Has a particular programme sparked your interest? What’s the first year like, what are the most difficult subjects, what specialisations and master’s programmes can you do?  You’ll get answers to all these questions if you take part in one of the insight activities. We offer experience days, on-line courses to prepare you for specific subjects and student-for-a-day-events. This will give you a good idea of what the study entails.

Made your choice? Then register in good time via Study Link, so that you can start your bachelor’s programme in September. Make sure you have the answers to the following questions:

  • Does the programme have a selection procedure?
  • Do (Will) I have the correct entrance qualifications?
  • Do I have the correct profile and subjects package?
  • Will I have to sit an entrance exam?

Tip: register as soon as possible to give yourself enough time for matching (see step 4).

Registering for a programme with selection and placement
Please note that for the following programmes with a selection and placement procedure there is a registration deadline of 15 January:

  • Biomedical Sciences
  • Criminology
  • Tax Law
  • Medicine
  • Clinical Technology

Read more about admission and application

Once you have registered for a programme, the study choice check*  will be emailed to you. In it, you will be asked various questions about your study choice and about yourself. You can then verify whether your answers match the demands that the programme will make on you. In this way you’ll know you’ve chosen the right programme before you start.
* Some programmes also do have compulsory matching which is part of your admission and application procedure.

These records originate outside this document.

(* Let $R$ be a discrete valuation ring with uniformizer $\pi$, and let $T$ be an $R$-module such that $\pi^NT=0$ for some $N\geq1$. Let $\pi_T$ be the endomorphism of $T$ given by multiplication by $\pi$, and define $m_-(T)=\sum_{n\geq0}(\mathrm{Im}\,\pi_T^n\cap\mathrm{Ker}\,\pi_T^n)$ and $m_+(T)=\bigcap_{n\geq0}(\mathrm{Im}\,\pi_T^n+\mathrm{Ker}\,\pi_T^n)$. Then $\pi\cdot m_+(T)\subset m_-(T)\subset m_+(T)$, and there are $R$-module isomorphisms $m_+(T)\simeq T/m_-(T)$ and $m_-(T)\simeq T/m_+(T)$. *)

From HB Require Import structures.
From mathcomp Require Import all_boot all_order all_algebra.
Set Implicit Arguments. Unset Strict Implicit. Unset Printing Implicit Defensive.
Import Order.TTheory GRing.Theory Num.Theory.
Local Open Scope ring_scope.

Definition is_DVR_with_uniformizer (R : idomainType) (pi : R) : Prop :=
  pi != 0 /\ pi \isn't a GRing.unit /\
  (forall a : R, a != 0 -> exists (u : R) (n : nat), u \is a GRing.unit /\ a = u * pi ^+ n).

Definition piT (R : idomainType) (T : lmodType R) (pi : R) (x : T) : T := pi *: x.
Definition piT_pow (R : idomainType) (T : lmodType R) (pi : R) (n : nat) : T -> T :=
  iter n (piT pi).

Definition ImP (R : idomainType) (T : lmodType R) (pi : R) (n : nat) (y : T) : Prop :=
  exists x : T, y = piT_pow pi n x.
Definition KerP (R : idomainType) (T : lmodType R) (pi : R) (n : nat) (y : T) : Prop :=
  piT_pow pi n y = 0.

Definition m_minus (R : idomainType) (T : lmodType R) (pi : R) (x : T) : Prop :=
  exists (k : nat) (f : nat -> T),
    (forall i, (i < k)%N -> ImP pi i (f i) /\ KerP pi i (f i)) /\
    x = \sum_(i < k) f i.

Definition m_plus (R : idomainType) (T : lmodType R) (pi : R) (x : T) : Prop :=
  forall n : nat, exists a b : T, ImP pi n a /\ KerP pi n b /\ x = a + b.

Definition is_Rlinear (R : idomainType) (T : lmodType R) (f : T -> T) : Prop :=
  forall (c : R) (x y : T), f (c *: x + y) = c *: f x + f y.

(* A ~= T / B  (A, B submodules of T), expressed via the first isomorphism
   theorem: there is an R-linear map T -> T with image exactly A and kernel
   exactly B. *)
Definition iso_to_quotient (R : idomainType) (T : lmodType R) (A B : T -> Prop) : Prop :=
  exists f : T -> T, is_Rlinear f /\
    (forall y, A y <-> exists x, y = f x) /\
    (forall x, B x <-> f x = 0).

From HB Require Import structures.
From mathcomp Require Import all_boot all_order all_algebra.
From mathcomp Require Import boolp.
From mathcomp Require classical_sets.
From mathcomp Require Import zify ring.
Import Order.TTheory GRing.Theory Num.Theory.
Local Open Scope ring_scope.
Set Implicit Arguments. Unset Strict Implicit. Unset Printing Implicit Defensive.

(* A module killed by pi^N is a direct sum of cyclic modules R e ~ R/pi^k.  Zorn's
   lemma gives a maximal family E that is pure-independent (a combination is divisible
   by pi^n only if each of its terms is) and in which pi^v e is never divisible by
   pi^(v+1) unless it vanishes; Kulikov's argument shows that such a family spans T.
   On a summand R e of exponent k, m_+ = pi^(k/2) R e and m_- = pi^(k - k/2) R e
   (rounding down), whence pi m_+ <= m_-.  Multiplying every e-coordinate by
   pi^(k/2), resp. pi^(k - k/2), is an endomorphism with image m_+ and kernel m_-,
   resp. image m_- and kernel m_+. *)

Lemma ex_least (P : nat -> Prop) :
  (exists n, P n) -> exists2 m, P m & forall k, P k -> (m <= k)%N.
Proof.
case=> n Pn; have exP : exists n, `[< P n >] by exists n; apply/asboolP.
by case: (ex_minnP exP) => m /asboolP Pm mP; exists m => // k /asboolP /mP.
Qed.

Lemma ex_greatest (P : nat -> Prop) b : (exists n, P n) ->
  (forall n, P n -> (n <= b)%N) -> exists2 m, P m & forall k, P k -> (k <= m)%N.
Proof.
case=> n Pn Pb; have exP : exists n, `[< P n >] by exists n; apply/asboolP.
have ubP i : `[< P i >] -> (i <= b)%N by move/asboolP/Pb.
by case: (ex_maxnP exP ubP) => m /asboolP Pm mP; exists m => // k /asboolP /mP.
Qed.

Lemma big_uniq_widen (I : eqType) (V : nmodType) (r s : seq I) (F : I -> V) :
  uniq r -> uniq s -> {subset r <= s} ->
  \sum_(i <- r) F i = \sum_(i <- s) (if i \in r then F i else 0).
Proof.
move=> ur us rs; rewrite -big_mkcond -big_filter; apply: perm_big.
apply: uniq_perm => //; first exact: filter_uniq.
by move=> i; rewrite mem_filter; case ir: (i \in r) => //=; rewrite rs.
Qed.

Lemma sub_undup_catl (I : eqType) (r s : seq I) : {subset r <= undup (r ++ s)}.
Proof. by move=> i ir; rewrite mem_undup mem_cat ir. Qed.

Lemma sub_undup_catr (I : eqType) (r s : seq I) : {subset s <= undup (r ++ s)}.
Proof. by move=> i si; rewrite mem_undup mem_cat si orbT. Qed.

Section PiDivisibility.
Variables (R : idomainType) (pi : R) (T : lmodType R).

Definition pi_div n (y : T) := exists t, y = pi ^+ n *: t.

Lemma scale_exprD m n (x : T) : pi ^+ m *: (pi ^+ n *: x) = pi ^+ (m + n) *: x.
Proof. by rewrite scalerA exprD. Qed.

Lemma piT_powE n (x : T) : piT_pow pi n x = pi ^+ n *: x.
Proof.
elim: n => [|n IH]; first by rewrite /piT_pow /= expr0 scale1r.
by rewrite /piT_pow iterS -/(piT_pow pi n x) IH /piT scalerA -exprS.
Qed.

Lemma ImPE n (y : T) : ImP pi n y <-> pi_div n y.
Proof. by split=> -[x ->]; exists x; rewrite piT_powE. Qed.

Lemma KerPE n (y : T) : KerP pi n y <-> pi ^+ n *: y = 0.
Proof. by rewrite /KerP piT_powE. Qed.

Lemma pi_div0 n : pi_div n 0.
Proof. by exists 0; rewrite scaler0. Qed.

Lemma pi_divD n x y : pi_div n x -> pi_div n y -> pi_div n (x + y).
Proof. by move=> [a ->] [b ->]; exists (a + b); rewrite scalerDr. Qed.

You’re now in the starting blocks for your study. But don’t worry; we’ll continue to provide intensive support in what is, after all, an exciting new period in your life. At the beginning of your study, for example, you’ll have an introductory interview with a lecturer or study adviser. The latter will also be available to help you as you continue with your studies.

A mentoring group will also offer additional support during your first year. Together with several first-year students, and supervised by a mentor, you’ll be able to practise your academic skills: from the correct referencing of literature to writing scientific arguments. If you need some help outside your studies, you can visit the student counsellor or psychologist. And if you have a disability or a functional impairment, the Fenestra Disability Centre can provide special facilities, advice or perhaps just a listening ear.

During your first year we will do everything in our power to support you and ensure your study goes smoothly. The binding study advice that you’ll receive at the end of this year is therefore in your own interest. Only if you have attained at least 45 out of a possible 60 credits by the end of your first year, as well as having met any other additional requirements, will you be allowed to continue your programme. If you don’t meet these requirements, you cannot continue this programme at Leiden University. Naturally, we will take into account study delays that may be due to personal circumstances.

Approaching the end of your first year? Then now’s the time to formulate your study plan. This will give you an impetus to plan a follow-up to your studies, so that once you’re earned you bachelor’s degree after three years, you can then choose a master’s!

Paul Siegwardt from Germany

BA student Psychology

Paul Siegwardt from Germany

"I was looking for a programme outside Germany and I found this one. It interested me because of the broad range of psychological subfields it covers. In the first year you are given insights into the topics of history, social psychology and neuropsychology. It’s a general overview of the big theories, a great start to the study! I expected the subject of statistics to be very difficult, but I didn’t have problems with it. And because relationships with the lecturers are quite informal you can always ask questions or talk about things that are not clear. The tutorial lecturers even know all the students’ names."